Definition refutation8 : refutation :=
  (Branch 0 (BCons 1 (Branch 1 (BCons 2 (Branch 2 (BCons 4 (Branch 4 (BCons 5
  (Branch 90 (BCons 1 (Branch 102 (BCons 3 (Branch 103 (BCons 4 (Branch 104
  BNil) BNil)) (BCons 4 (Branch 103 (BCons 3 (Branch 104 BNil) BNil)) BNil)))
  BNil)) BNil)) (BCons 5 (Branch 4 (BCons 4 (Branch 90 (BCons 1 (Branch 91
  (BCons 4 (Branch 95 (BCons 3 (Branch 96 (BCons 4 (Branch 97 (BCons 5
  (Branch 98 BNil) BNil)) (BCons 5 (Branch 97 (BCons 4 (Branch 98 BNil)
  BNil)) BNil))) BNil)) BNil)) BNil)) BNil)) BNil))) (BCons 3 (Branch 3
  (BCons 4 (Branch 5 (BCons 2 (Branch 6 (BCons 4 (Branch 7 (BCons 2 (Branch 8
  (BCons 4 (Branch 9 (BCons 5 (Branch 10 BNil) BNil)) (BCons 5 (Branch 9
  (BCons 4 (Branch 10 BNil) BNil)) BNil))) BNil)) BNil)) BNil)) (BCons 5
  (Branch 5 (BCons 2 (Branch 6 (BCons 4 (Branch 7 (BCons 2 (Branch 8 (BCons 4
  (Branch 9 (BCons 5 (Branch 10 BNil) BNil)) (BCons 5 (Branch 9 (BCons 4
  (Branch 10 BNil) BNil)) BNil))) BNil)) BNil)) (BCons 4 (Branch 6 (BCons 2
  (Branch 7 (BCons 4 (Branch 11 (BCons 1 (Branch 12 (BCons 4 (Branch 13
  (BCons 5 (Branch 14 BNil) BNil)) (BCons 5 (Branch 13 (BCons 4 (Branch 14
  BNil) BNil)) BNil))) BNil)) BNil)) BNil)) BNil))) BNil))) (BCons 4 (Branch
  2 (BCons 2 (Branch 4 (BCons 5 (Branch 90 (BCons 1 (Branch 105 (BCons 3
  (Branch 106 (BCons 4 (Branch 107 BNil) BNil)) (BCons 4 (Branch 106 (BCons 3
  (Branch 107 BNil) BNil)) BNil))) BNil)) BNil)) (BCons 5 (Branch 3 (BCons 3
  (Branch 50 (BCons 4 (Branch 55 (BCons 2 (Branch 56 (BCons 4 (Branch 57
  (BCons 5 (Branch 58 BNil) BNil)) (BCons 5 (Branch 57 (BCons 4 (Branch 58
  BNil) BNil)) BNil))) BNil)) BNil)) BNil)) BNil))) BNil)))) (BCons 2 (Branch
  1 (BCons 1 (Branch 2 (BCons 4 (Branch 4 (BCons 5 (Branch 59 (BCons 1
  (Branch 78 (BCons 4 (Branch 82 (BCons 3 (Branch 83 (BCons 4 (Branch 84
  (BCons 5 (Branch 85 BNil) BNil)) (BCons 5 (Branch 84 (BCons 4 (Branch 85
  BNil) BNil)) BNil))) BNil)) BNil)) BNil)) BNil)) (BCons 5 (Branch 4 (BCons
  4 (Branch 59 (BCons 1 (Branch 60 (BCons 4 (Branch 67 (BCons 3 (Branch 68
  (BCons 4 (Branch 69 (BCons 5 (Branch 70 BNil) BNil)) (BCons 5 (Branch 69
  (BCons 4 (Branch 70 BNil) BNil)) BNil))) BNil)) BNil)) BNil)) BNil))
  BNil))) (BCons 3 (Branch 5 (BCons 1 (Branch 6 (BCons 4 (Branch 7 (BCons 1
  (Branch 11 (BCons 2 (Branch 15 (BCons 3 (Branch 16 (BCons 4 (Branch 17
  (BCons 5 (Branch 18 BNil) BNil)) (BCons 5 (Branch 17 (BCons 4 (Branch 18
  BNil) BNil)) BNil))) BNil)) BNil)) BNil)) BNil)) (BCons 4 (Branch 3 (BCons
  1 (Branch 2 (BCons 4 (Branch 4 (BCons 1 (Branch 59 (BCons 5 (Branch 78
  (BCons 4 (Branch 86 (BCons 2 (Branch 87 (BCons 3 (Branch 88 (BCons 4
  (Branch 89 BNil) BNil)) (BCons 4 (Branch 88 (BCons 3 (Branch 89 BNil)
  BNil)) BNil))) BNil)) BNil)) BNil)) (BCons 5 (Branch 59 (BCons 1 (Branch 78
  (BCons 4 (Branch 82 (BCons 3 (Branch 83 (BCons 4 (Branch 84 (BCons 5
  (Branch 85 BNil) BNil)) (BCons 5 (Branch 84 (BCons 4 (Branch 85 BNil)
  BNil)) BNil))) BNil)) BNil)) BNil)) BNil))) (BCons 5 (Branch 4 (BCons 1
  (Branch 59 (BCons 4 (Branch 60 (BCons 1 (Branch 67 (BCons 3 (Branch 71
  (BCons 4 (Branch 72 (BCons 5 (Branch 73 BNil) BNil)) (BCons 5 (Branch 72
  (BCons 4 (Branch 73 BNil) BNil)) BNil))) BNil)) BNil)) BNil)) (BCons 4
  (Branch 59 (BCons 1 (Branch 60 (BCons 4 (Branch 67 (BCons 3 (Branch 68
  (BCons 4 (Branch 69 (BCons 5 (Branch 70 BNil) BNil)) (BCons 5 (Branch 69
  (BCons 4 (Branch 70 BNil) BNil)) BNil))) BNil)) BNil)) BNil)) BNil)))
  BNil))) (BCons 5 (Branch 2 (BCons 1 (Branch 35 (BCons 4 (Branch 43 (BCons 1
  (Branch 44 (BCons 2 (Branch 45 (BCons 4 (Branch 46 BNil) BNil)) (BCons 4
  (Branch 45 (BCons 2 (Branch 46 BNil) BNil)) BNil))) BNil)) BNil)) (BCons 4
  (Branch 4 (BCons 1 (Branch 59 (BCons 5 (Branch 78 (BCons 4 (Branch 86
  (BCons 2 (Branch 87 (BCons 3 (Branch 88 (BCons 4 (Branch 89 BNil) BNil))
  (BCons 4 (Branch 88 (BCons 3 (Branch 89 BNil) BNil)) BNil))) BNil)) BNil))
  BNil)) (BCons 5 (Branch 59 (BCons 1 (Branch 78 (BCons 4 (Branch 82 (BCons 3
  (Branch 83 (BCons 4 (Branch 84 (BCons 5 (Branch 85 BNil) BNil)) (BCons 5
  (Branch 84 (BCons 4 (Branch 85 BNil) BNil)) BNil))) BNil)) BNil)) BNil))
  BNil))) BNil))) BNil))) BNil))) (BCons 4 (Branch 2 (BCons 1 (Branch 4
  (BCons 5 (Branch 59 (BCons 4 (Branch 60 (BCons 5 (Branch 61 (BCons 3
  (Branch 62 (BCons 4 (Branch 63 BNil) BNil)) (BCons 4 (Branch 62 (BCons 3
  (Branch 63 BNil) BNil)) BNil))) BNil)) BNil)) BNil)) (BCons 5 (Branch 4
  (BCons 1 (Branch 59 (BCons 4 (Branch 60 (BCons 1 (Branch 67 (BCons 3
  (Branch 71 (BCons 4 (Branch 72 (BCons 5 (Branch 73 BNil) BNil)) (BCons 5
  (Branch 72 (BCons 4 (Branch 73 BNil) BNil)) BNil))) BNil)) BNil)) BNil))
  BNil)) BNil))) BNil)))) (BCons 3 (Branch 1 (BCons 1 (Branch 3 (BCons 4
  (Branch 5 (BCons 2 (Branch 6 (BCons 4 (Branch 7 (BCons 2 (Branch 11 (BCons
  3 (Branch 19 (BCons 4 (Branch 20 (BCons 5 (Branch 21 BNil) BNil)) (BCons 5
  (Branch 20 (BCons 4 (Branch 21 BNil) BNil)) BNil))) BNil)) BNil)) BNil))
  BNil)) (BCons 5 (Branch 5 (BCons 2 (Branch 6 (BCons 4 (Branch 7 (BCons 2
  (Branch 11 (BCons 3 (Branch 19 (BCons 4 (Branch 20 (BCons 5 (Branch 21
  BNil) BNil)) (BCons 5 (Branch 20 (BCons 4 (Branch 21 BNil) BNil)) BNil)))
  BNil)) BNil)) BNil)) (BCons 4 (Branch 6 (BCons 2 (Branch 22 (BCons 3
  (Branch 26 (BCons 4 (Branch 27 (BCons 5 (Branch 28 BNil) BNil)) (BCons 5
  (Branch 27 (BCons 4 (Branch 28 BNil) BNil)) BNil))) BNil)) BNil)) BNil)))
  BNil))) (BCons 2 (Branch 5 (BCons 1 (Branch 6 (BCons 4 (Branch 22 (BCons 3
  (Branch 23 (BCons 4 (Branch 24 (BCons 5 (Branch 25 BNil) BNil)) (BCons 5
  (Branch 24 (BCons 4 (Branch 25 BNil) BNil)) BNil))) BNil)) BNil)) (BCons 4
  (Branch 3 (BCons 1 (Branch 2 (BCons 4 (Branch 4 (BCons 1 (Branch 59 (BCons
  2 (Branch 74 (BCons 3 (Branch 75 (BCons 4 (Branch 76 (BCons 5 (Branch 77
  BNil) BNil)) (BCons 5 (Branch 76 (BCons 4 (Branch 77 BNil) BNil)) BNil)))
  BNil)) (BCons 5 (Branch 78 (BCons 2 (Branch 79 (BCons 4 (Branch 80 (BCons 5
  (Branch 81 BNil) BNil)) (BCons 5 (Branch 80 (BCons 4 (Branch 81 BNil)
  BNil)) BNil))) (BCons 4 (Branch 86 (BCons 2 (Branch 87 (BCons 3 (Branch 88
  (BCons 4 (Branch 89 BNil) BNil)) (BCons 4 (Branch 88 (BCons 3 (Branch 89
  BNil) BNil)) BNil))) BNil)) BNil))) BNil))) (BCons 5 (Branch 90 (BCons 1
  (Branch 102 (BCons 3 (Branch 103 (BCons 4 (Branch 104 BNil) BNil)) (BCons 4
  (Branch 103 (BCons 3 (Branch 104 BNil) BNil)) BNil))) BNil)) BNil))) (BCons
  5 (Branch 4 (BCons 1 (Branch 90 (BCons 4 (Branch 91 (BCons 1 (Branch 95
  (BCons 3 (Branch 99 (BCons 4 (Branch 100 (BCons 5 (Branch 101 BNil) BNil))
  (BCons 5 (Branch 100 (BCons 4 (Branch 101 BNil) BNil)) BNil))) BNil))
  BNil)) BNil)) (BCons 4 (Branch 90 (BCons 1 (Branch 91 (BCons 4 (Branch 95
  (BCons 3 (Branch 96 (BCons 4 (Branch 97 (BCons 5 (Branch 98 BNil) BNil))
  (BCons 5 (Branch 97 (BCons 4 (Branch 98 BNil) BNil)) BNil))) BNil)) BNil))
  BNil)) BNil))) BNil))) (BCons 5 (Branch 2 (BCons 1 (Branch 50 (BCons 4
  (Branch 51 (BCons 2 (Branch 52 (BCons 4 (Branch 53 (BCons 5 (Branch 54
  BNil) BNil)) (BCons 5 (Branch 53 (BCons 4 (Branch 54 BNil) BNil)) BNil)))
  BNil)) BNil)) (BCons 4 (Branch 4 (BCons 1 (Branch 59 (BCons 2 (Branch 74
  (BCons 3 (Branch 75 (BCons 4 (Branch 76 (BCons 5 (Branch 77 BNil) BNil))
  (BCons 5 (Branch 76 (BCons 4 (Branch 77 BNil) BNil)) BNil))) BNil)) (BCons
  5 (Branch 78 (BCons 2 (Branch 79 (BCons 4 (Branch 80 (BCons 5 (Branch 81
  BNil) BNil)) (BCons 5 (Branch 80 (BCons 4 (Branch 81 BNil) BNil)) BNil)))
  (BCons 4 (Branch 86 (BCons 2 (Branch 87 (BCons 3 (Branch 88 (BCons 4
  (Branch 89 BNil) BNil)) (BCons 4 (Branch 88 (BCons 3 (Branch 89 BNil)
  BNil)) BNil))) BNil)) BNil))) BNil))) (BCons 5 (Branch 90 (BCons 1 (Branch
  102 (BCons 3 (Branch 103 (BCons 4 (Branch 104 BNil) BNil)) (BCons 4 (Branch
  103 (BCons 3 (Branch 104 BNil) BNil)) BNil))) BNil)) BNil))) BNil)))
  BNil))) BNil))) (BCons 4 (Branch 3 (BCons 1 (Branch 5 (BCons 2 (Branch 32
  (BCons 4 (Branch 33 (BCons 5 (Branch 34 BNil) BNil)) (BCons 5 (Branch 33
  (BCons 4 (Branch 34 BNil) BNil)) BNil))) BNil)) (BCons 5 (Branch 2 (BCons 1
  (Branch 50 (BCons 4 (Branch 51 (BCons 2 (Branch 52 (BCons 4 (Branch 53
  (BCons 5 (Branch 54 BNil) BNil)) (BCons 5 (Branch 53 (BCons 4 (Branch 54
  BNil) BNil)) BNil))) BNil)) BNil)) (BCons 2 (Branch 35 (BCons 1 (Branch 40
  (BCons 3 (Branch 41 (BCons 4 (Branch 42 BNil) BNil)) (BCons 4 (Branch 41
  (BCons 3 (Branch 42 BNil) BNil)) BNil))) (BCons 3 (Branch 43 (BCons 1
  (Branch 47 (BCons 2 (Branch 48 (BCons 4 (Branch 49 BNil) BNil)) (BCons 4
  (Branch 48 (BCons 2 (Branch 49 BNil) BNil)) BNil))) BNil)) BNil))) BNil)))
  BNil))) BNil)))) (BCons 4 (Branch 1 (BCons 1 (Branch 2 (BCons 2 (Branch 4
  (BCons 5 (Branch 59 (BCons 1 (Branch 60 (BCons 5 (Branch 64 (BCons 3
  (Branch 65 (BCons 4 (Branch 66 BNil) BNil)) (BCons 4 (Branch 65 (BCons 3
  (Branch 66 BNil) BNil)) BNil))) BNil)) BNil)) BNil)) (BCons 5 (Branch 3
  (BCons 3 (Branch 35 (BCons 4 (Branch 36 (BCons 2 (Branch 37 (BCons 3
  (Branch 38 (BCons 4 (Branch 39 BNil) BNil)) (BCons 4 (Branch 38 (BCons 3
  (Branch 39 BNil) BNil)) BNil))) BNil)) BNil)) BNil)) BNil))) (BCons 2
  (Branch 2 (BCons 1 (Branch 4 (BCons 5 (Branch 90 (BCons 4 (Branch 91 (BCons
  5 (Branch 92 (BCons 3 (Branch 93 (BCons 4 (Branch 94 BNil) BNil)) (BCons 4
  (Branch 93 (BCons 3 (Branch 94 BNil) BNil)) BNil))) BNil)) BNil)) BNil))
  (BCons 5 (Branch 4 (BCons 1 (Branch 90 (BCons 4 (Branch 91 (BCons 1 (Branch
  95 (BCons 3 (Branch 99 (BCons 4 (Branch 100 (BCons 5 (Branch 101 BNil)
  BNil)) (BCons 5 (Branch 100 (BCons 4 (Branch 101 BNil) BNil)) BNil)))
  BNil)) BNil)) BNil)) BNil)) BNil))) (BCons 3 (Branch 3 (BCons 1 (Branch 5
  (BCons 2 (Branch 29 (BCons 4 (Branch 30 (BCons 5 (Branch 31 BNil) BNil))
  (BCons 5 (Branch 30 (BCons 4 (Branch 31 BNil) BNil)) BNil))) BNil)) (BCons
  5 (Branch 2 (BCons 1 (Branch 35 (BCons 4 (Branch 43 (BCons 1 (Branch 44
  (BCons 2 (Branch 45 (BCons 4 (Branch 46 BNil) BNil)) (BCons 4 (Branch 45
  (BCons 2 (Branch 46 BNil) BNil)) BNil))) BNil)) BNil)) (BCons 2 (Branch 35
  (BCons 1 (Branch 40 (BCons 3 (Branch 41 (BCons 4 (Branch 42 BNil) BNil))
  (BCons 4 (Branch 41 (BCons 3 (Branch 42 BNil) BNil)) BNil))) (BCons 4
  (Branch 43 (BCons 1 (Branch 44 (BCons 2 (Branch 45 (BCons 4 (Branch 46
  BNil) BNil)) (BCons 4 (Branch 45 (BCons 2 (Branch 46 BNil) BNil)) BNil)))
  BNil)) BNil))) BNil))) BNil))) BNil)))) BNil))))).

▶ _Task goal_:
Only one stretch is wanted, so please give again exactly the lines from the start of the data through the line containing "(BCons 4 (Branch 5 (BCons", both ends included.

▶ _Result of the exercise_:
Definition refutation8 : refutation :=
  (Branch 0 (BCons 1 (Branch 1 (BCons 2 (Branch 2 (BCons 4 (Branch 4 (BCons 5
  (Branch 90 (BCons 1 (Branch 102 (BCons 3 (Branch 103 (BCons 4 (Branch 104
  BNil) BNil)) (BCons 4 (Branch 103 (BCons 3 (Branch 104 BNil) BNil)) BNil)))
  BNil)) BNil)) (BCons 5 (Branch 4 (BCons 4 (Branch 90 (BCons 1 (Branch 91
  (BCons 4 (Branch 95 (BCons 3 (Branch 96 (BCons 4 (Branch 97 (BCons 5
  (Branch 98 BNil) BNil)) (BCons 5 (Branch 97 (BCons 4 (Branch 98 BNil)
  BNil)) BNil))) BNil)) BNil)) BNil)) BNil)) BNil))) (BCons 3 (Branch 3
  (BCons 4 (Branch 5 (BCons 2 (Branch 6 (BCons 4 (Branch 7 (BCons 2 (Branch 8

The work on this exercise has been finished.